[SOURCE DATA — start]
Lemma restr_sub m (S T : {set 'I_m}) v : S \subset T -> restr S (restr T v) = restr S v.
Proof.
move=> /subsetP sST; apply/rowP => j; rewrite !mxE.
by case: (boolP (j \in S)) => [/sST ->|].
Qed.

Lemma restr_disjoint m (S T : {set 'I_m}) v :
  [disjoint S & T] -> restr S (restr T v) = 0.
Proof.
move=> dST; apply/rowP => j; rewrite !mxE.
by case: ifP => // jS; rewrite (disjointFr dST jS).
Qed.

Lemma norm20 m : norm2 (0 : 'rV[C]_m) = 0.
Proof. by rewrite /norm2 big1 // => j _; rewrite mxE /sqmod expr0n addr0. Qed.

Lemma norm2_restr m S (v : 'rV[C]_m) : norm2 (restr S v) = \sum_(j in S) sqmod (v 0 j).
Proof.
rewrite /norm2 [RHS]big_mkcond; apply: eq_bigr => j _; rewrite mxE.
by case: ifP => // _; rewrite /sqmod expr0n addr0.
Qed.

Lemma unitaryM m (A B : 'M[C]_m) : unitary A -> unitary B -> unitary (A *m B).
Proof.
by move=> hA hB; rewrite /unitary map_mxM trmx_mul mulmxA -(mulmxA A) hB mulmx1 hA.
Qed.

Lemma unitary1 m : unitary (1%:M : 'M[C]_m).
Proof. by rewrite /unitary map_mx1 trmx1 mulmx1. Qed.

End Coordinates.

Section IndexedMatrices.
Variables (R : realType) (T : finType).
Local Notation C := R[i].
Local Notation N := #|{: T}|.

Definition vec_of (f : T -> C) : 'rV[C]_N := \row_j f (enum_val j).
Definition mx_of (F : T -> T -> C) : 'M[C]_N :=
  \matrix_(i, j) F (enum_val i) (enum_val j).

Lemma sum_enum_val (V : nmodType) (G : T -> V) :
  \sum_(j < N) G (enum_val j) = \sum_t G t.
Proof.
by rewrite -(big_enum_val (A := predT)); apply: eq_bigl => x; rewrite inE.
Qed.

Lemma eq_vec_of f g : f =1 g -> vec_of f = vec_of g.
Proof. by move=> efg; apply/rowP => j; rewrite !mxE efg. Qed.

Lemma eq_mx_of F G : (forall s t, F s t = G s t) -> mx_of F = mx_of G.
Proof. by move=> eFG; apply/matrixP => i j; rewrite !mxE eFG. Qed.

Lemma mul_vec_of f F : vec_of f *m mx_of F = vec_of (fun t => \sum_s f s * F s t).
Proof.
apply/rowP => j; rewrite !mxE; under eq_bigr do rewrite !mxE.
by rewrite (sum_enum_val (fun s => f s * F s (enum_val j))).
Qed.

Lemma mul_mx_of F G : mx_of F *m mx_of G = mx_of (fun s t => \sum_u F s u * G u t).
Proof.
apply/matrixP => i j; rewrite !mxE; under eq_bigr do rewrite !mxE.
by rewrite (sum_enum_val (fun u => F (enum_val i) u * G u (enum_val j))).
Qed.

Lemma unitary_mx_of F :
  (forall s t, \sum_u F s u * conjc (F t u) = (s == t)%:R) -> unitary (mx_of F).
Proof.
move=> hF; rewrite /unitary; have -> : (map_mx (@conjc R) (mx_of F))^T = mx_of (fun s t => conjc (F t s)).
  by apply/matrixP => i j; rewrite !mxE.
have -> : (1%:M : 'M[C]_N) = mx_of (fun s t => (s == t)%:R).
  by apply/matrixP => i j; rewrite !mxE (inj_eq enum_val_inj).
by rewrite mul_mx_of; apply: eq_mx_of.
Qed.

(* [relabel_mx tau] is the permutation matrix sending coordinate [tau t] to [t]. *)
Definition relabel_mx (tau : T -> T) := mx_of (fun s t => (s == tau t)%:R).

Lemma mul_vec_relabel f tau : vec_of f *m relabel_mx tau = vec_of (f \o tau).
Proof.
rewrite mul_vec_of; apply: eq_vec_of => t /=.
rewrite (bigD1 (tau t)) //= eqxx mulr1 big1 ?addr0 // => s /negbTE ->.
by rewrite mulr0.
Qed.

Lemma unitary_relabel tau : injective tau -> unitary (relabel_mx tau).
Proof.
move=> tau_inj; apply: unitary_mx_of => s t.
transitivity (\sum_u (s == u)%:R * conjc ((t == u)%:R : C)).
  by rewrite [RHS](reindex_inj tau_inj).
rewrite (bigD1 s) //= eqxx mul1r conjc_nat big1 ?addr0; first by rewrite eq_sym.
by move=> u /negbTE; rewrite eq_sym => ->; rewrite mul0r.
Qed.

End IndexedMatrices.

Section Blocks.
Variables (R : realType) (K : finType) (n : nat).
Local Notation C := R[i].
Local Notation T := (K * 'I_n)%type.

Definition stack (g : K -> 'rV[C]_n) := vec_of (fun t : T => g t.1 0 t.2).
Definition blockdiag (W : K -> 'M[C]_n) :=
  mx_of (fun s t : T => (s.1 == t.1)%:R * W s.1 s.2 t.2).
Definition blockset (S : K -> {set 'I_n}) : {set 'I_#|{: T}|} :=
  [set j | (enum_val j).2 \in S (enum_val j).1].

Lemma eq_stack g h : g =1 h -> stack g = stack h.
Proof. by move=> egh; apply: eq_vec_of => t; rewrite egh. Qed.

Lemma sum_pair (V : nmodType) (G : T -> V) : \sum_t G t = \sum_c \sum_q G (c, q).
Proof. by rewrite pair_bigA; apply: eq_bigr => -[]. Qed.

Lemma mul_stack_blockdiag g W : stack g *m blockdiag W = stack (fun c => g c *m W c).
Proof.
rewrite mul_vec_of; apply: eq_vec_of => -[c q] /=.
rewrite sum_pair (bigD1 c) //= [X in _ + X]big1 ?addr0; last first.
  by move=> e /negbTE ne; apply: big1 => p _ /=; rewrite ne mul0r mulr0.
by rewrite mxE; apply: eq_bigr => p _; rewrite eqxx mul1r.
Qed.

Lemma unitary_blockdiag W : (forall c, unitary (W c)) -> unitary (blockdiag W).
Proof.
move=> hW; apply: unitary_mx_of => -[c q] [d r] /=.
rewrite sum_pair (bigD1 c) //= [X in _ + X]big1 ?addr0; last first.
  by move=> e /negbTE ne; apply: big1 => p _; rewrite eq_sym ne !mul0r.
under eq_bigr do rewrite eqxx mul1r rmorphM rmorph_nat.
have [<-|ne] := eqVneq c d; last first.
  by rewrite big1 ?xpair_eqE ?(negbTE ne) // => p _; rewrite mul0r mulr0.
rewrite xpair_eqE eqxx /=.
have := congr1 (fun A : 'M[C]_n => A q r) (hW c); rewrite !mxE => <-.
by apply: eq_bigr => p _; rewrite !mxE mul1r.
Qed.

Lemma restr_stack S g : restr (blockset S) (stack g) = stack (fun c => restr (S c) (g c)).
Proof. by apply/rowP => j; rewrite !mxE inE. Qed.

Lemma norm2_stack g : norm2 (stack g) = \sum_c norm2 (g c).
Proof.
rewrite /norm2; under eq_bigr do rewrite mxE.
by rewrite (sum_enum_val (fun t : T => sqmod (g t.1 0 t.2))) sum_pair.
Qed.

End Blocks.

Local Notation copy k := (@Ordinal 5 k isT).

Definition delay_src (c : 'I_5) : 'I_5 :=
  match val c with 0 => copy 0 | 1 => copy 4 | 2 => copy 1 | 3 => copy 2 | _ => copy 3 end.
Definition swap01 (c : 'I_5) : 'I_5 :=
  match val c with 0 => copy 1 | 1 => copy 0 | _ => c end.

Lemma delay_src_inj : injective delay_src.
Proof.
move=> c d /(congr1 val) e; apply: val_inj; move: c d e.
by move=> [[|[|[|[|[|k]]]]] hk] [[|[|[|[|[|l]]]]] hl].
Qed.

Lemma swap01_inj : injective swap01.
Proof.
move=> c d /(congr1 val) e; apply: val_inj; move: c d e.
by move=> [[|[|[|[|[|k]]]]] hk] [[|[|[|[|[|l]]]]] hl].
Qed.

Section BlockSimulation.
Variables (R : realType) (B : Type) (M : qfa R B).
Local Notation C := R[i].
Local Notation n := (qfa_n M).
Local Notation T := ('I_5 * 'I_n)%type.
Local Notation N := #|{: T}|.
Local Notation U := (qfa_U M).
Local Notation acc := (qfa_acc M).
Local Notation rej := (qfa_rej M).
Local Notation halt := (qfa_acc M :|: qfa_rej M).
Local Notation non := (qfa_non M).

Lemma disjoint_halt_non (S : {set 'I_n}) : S \subset halt -> [disjoint S & non].
Proof. by move=> sS; rewrite disjoints_subset setCK. Qed.

Lemma disjoint_non_halt : [disjoint non & halt].
Proof. by rewrite disjoint_sym; apply: disjoint_halt_non. Qed.

Fixpoint halt_mass (S : {set 'I_n}) (psi : 'rV[C]_n) (u : seq B) : R :=
  if u is a :: u' then norm2 (restr S (psi *m U a)) + halt_mass S (restr non (psi *m U a)) u'
  else 0.
Fixpoint survivor (psi : 'rV[C]_n) (u : seq B) : 'rV[C]_n :=
  if u is a :: u' then survivor (restr non (psi *m U a)) u' else psi.

Lemma run_cat (psi : 'rV[C]_n) u w :
  run psi (u ++ w) = (halt_mass acc psi u + (run (survivor psi u) w).1,
                        halt_mass rej psi u + (run (survivor psi u) w).2).
Proof.
elim: u psi => [|a u IH] psi /=; first by rewrite !add0r; case: run.
by rewrite IH /= !addrA.
Qed.

Lemma restr_survivor psi u : (0 < size u)%N -> restr non (survivor psi u) = survivor psi u.
Proof.
elim: u psi => [|a [|b u] IH] psi //= _; first by rewrite restr_id.
exact: IH.
Qed.

(* Copy 0 holds the initial state, copy 1 the live computation, and copies
   2, 3, 4 park the halting amplitude produced inside the current block. *)
Record copies := Copies { start : 'rV[C]_n; live : 'rV[C]_n;
  held1 : 'rV[C]_n; held2 : 'rV[C]_n; held3 : 'rV[C]_n }.

Definition copy_at (x : copies) (c : 'I_5) : 'rV[C]_n :=
  match val c with 0 => start x | 1 => live x | 2 => held1 x | 3 => held2 x | _ => held3 x end.

Local Notation embed x := (stack (copy_at x)).

Lemma restr_embed (S : 'I_5 -> {set 'I_n}) x :
  restr (blockset S) (embed x) =
  embed (Copies (restr (S (copy 0)) (start x)) (restr (S (copy 1)) (live x))
    (restr (S (copy 2)) (held1 x)) (restr (S (copy 3)) (held2 x)) (restr (S (copy 4)) (held3 x))).
Proof.
rewrite restr_stack; apply: eq_stack => -[[|[|[|[|[|k]]]]] hk] //=.
all: by congr restr; congr S; apply: val_inj.
Qed.

Lemma norm2_embed x : norm2 (embed x) =
  norm2 (start x) + (norm2 (live x) + (norm2 (held1 x) + (norm2 (held2 x) + norm2 (held3 x)))).
Proof. by rewrite norm2_stack !big_ord_recl big_ord0 addr0. Qed.

Definition shift_halting (t : T) : T := if t.2 \in halt then (delay_src t.1, t.2) else t.
Definition swap_start (t : T) : T := (swap01 t.1, t.2).

Lemma shift_halting_inj : injective shift_halting.
Proof.
move=> [c q] [d r]; rewrite /shift_halting /=.
case: ifP => hq; case: ifP => hr -[e1 e2]; move: hq hr; rewrite e2 ?e1 => -> //.
by rewrite (delay_src_inj e1).
Qed.

Lemma swap_start_inj : injective swap_start.
Proof. by move=> [c q] [d r] [/swap01_inj -> ->]. Qed.

Definition step_mx (a : B) : 'M[C]_N :=
  blockdiag (fun c : 'I_5 => if val c == 1%N then U a else 1%:M) *m relabel_mx R shift_halting.
Definition word_mx (u : seq B) : 'M[C]_N := foldr (fun a m => step_mx a *m m) 1%:M u.

Lemma unitary_word_mx u : unitary (word_mx u).
Proof.
elim: u => [|a u IH] /=; first exact: unitary1.
apply: unitaryM => //; apply: unitaryM; last exact/unitary_relabel/shift_halting_inj.
by apply: unitary_blockdiag => c; case: ifP => _; [apply: qfa_unitary | apply: unitary1].
Qed.

(* The parked amplitude moves 2 -> 3 -> 4; the halting part of copy 4 is sent
   back to copy 1 only to make the step a permutation, and [room] guarantees
   that copy 4 is empty whenever this happens within a block. *)
Definition step (a : B) (x : copies) : copies :=
  Copies (start x) (restr non (live x *m U a) + restr halt (held3 x))
    (restr non (held1 x) + restr halt (live x *m U a))
    (restr non (held2 x) + restr halt (held1 x))
    (restr non (held3 x) + restr halt (held2 x)).
Definition steps (u : seq B) (x : copies) : copies := foldl (fun x a => step a x) x u.

Lemma embed_step a x : embed x *m step_mx a = embed (step a x).
Proof.
rewrite mulmxA mul_stack_blockdiag mul_vec_relabel; apply: eq_vec_of => -[c q].
rewrite /shift_halting /=; case: (boolP (q \in halt)) => hq; move: (hq); rewrite inE => hq';
  case: c => [[|[|[|[|[|k]]]]] hk] //=;
  by rewrite ?mulmx1 ?mxE ?inE ?hq' ?(negbTE hq') /= ?add0r ?addr0.
Qed.

Lemma embed_steps u x : embed x *m word_mx u = embed (steps u x).
Proof.
elim: u x => [|a u IH] x /=; first by rewrite mulmx1.
by rewrite mulmxA embed_step IH.
Qed.

Definition parked x :=
  [/\ start x = 0, restr non (held1 x) = 0, restr non (held2 x) = 0 & restr non (held3 x) = 0].
Definition room (k : nat) x :=
  [/\ (3 <= k)%N -> held1 x = 0, (2 <= k)%N -> held2 x = 0 & (1 <= k)%N -> held3 x = 0].
Definition held_mass (S : {set 'I_n}) x :=
  norm2 (restr S (held1 x)) + norm2 (restr S (held2 x)) + norm2 (restr S (held3 x)).

Lemma held_mass_step (S : {set 'I_n}) a x : S \subset halt -> parked x -> held3 x = 0 ->
  held_mass S (step a x) = norm2 (restr S (live x *m U a)) + held_mass S x.
Proof.
move=> sS [_ h1 h2 h3] h3'.
by rewrite /held_mass /= h1 h2 h3 h3' !add0r !restr_sub // restr0 norm20 addr0 !addrA.
Qed.

Lemma parked_step a x : parked x -> parked (step a x).
Proof.
case=> h0 h1 h2 h3; split; rewrite /= ?h0 ?h1 ?h2 ?h3 ?add0r //.
all: by apply: restr_disjoint; apply: disjoint_non_halt.
Qed.

Lemma room_step k a x : (k < 3)%N -> parked x -> room k.+1 x -> room k (step a x).
Proof.
move=> k3 [_ _ h2 h3] [r1 r2 r3]; split=> hk; first by rewrite ltnNge hk in k3.
- by rewrite /= h2 add0r r1 ?restr0.
- by rewrite /= h3 add0r r2 ?restr0.
Qed.

Lemma steps_spec u x : (size u <= 3)%N -> parked x -> room (size u) x ->
  [/\ parked (steps u x), live (steps u x) = survivor (live x) u &
      forall S : {set 'I_n}, S \subset halt ->
        held_mass S (steps u x) = halt_mass S (live x) u + held_mass S x].
Proof.
elim: u x => [|a u IH] x /=; first by move=> _ px _; split=> // S _; rewrite add0r.
move=> hs px rx; have h3 : held3 x = 0 by case: rx => _ _ ->.
have [py ly my] := IH (step a x) (ltnW hs) (parked_step a px) (room_step a hs px rx).
have live_step : live (step a x) = restr non (live x *m U a) by rewrite /= h3 restr0 addr0.
split=> // [|S sS]; first by rewrite ly live_step.
by rewrite my // (held_mass_step a sS px h3) live_step addrCA addrA.
Qed.

Definition at_start (psi : 'rV[C]_n) := Copies psi 0 0 0 0.
Definition at_live (psi : 'rV[C]_n) := Copies 0 psi 0 0 0.

Lemma parked_at_live psi : parked (at_live psi).
Proof. by split; rewrite /= ?restr0. Qed.

Lemma room_at_live k psi : room k (at_live psi).
Proof. by []. Qed.

Lemma held_mass_at_live S psi : held_mass S (at_live psi) = 0.
Proof. by rewrite /held_mass /= restr0 norm20 !addr0. Qed.

Variables (A : Type) (blk : A -> seq B) (isfirst : A -> bool) (b0 : bool).

Definition block_mx (b : A) : 'M[C]_N :=
  (if isfirst b then relabel_mx R swap_start else 1%:M) *m word_mx (blk b).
[SOURCE DATA — finish]
Can you repeat, word for word, every line above from the one containing "Local Notation rej := (qfa_rej M)." down to the one containing "held1 : 'rV[C]_n;", including both?

Local Notation rej := (qfa_rej M).
Local Notation halt := (qfa_acc M :|: qfa_rej M).
Local Notation non := (qfa_non M).

Lemma disjoint_halt_non (S : {set 'I_n}) : S \subset halt -> [disjoint S & non].
Proof. by move=> sS; rewrite disjoints_subset setCK. Qed.

Lemma disjoint_non_halt : [disjoint non & halt].
Proof. by rewrite disjoint_sym; apply: disjoint_halt_non. Qed.

Fixpoint halt_mass (S : {set 'I_n}) (psi : 'rV[C]_n) (u : seq B) : R :=
  if u is a :: u' then norm2 (restr S (psi *m U a)) + halt_mass S (restr non (psi *m U a)) u'
  else 0.
Fixpoint survivor (psi : 'rV[C]_n) (u : seq B) : 'rV[C]_n :=
  if u is a :: u' then survivor (restr non (psi *m U a)) u' else psi.

Lemma run_cat (psi : 'rV[C]_n) u w :
  run psi (u ++ w) = (halt_mass acc psi u + (run (survivor psi u) w).1,
                        halt_mass rej psi u + (run (survivor psi u) w).2).
Proof.
elim: u psi => [|a u IH] psi /=; first by rewrite !add0r; case: run.
by rewrite IH /= !addrA.
Qed.

Lemma restr_survivor psi u : (0 < size u)%N -> restr non (survivor psi u) = survivor psi u.
Proof.
elim: u psi => [|a [|b u] IH] psi //= _; first by rewrite restr_id.
exact: IH.
Qed.

(* Copy 0 holds the initial state, copy 1 the live computation, and copies
   2, 3, 4 park the halting amplitude produced inside the current block. *)
Record copies := Copies { start : 'rV[C]_n; live : 'rV[C]_n;
  held1 : 'rV[C]_n; held2 : 'rV[C]_n; held3 : 'rV[C]_n }.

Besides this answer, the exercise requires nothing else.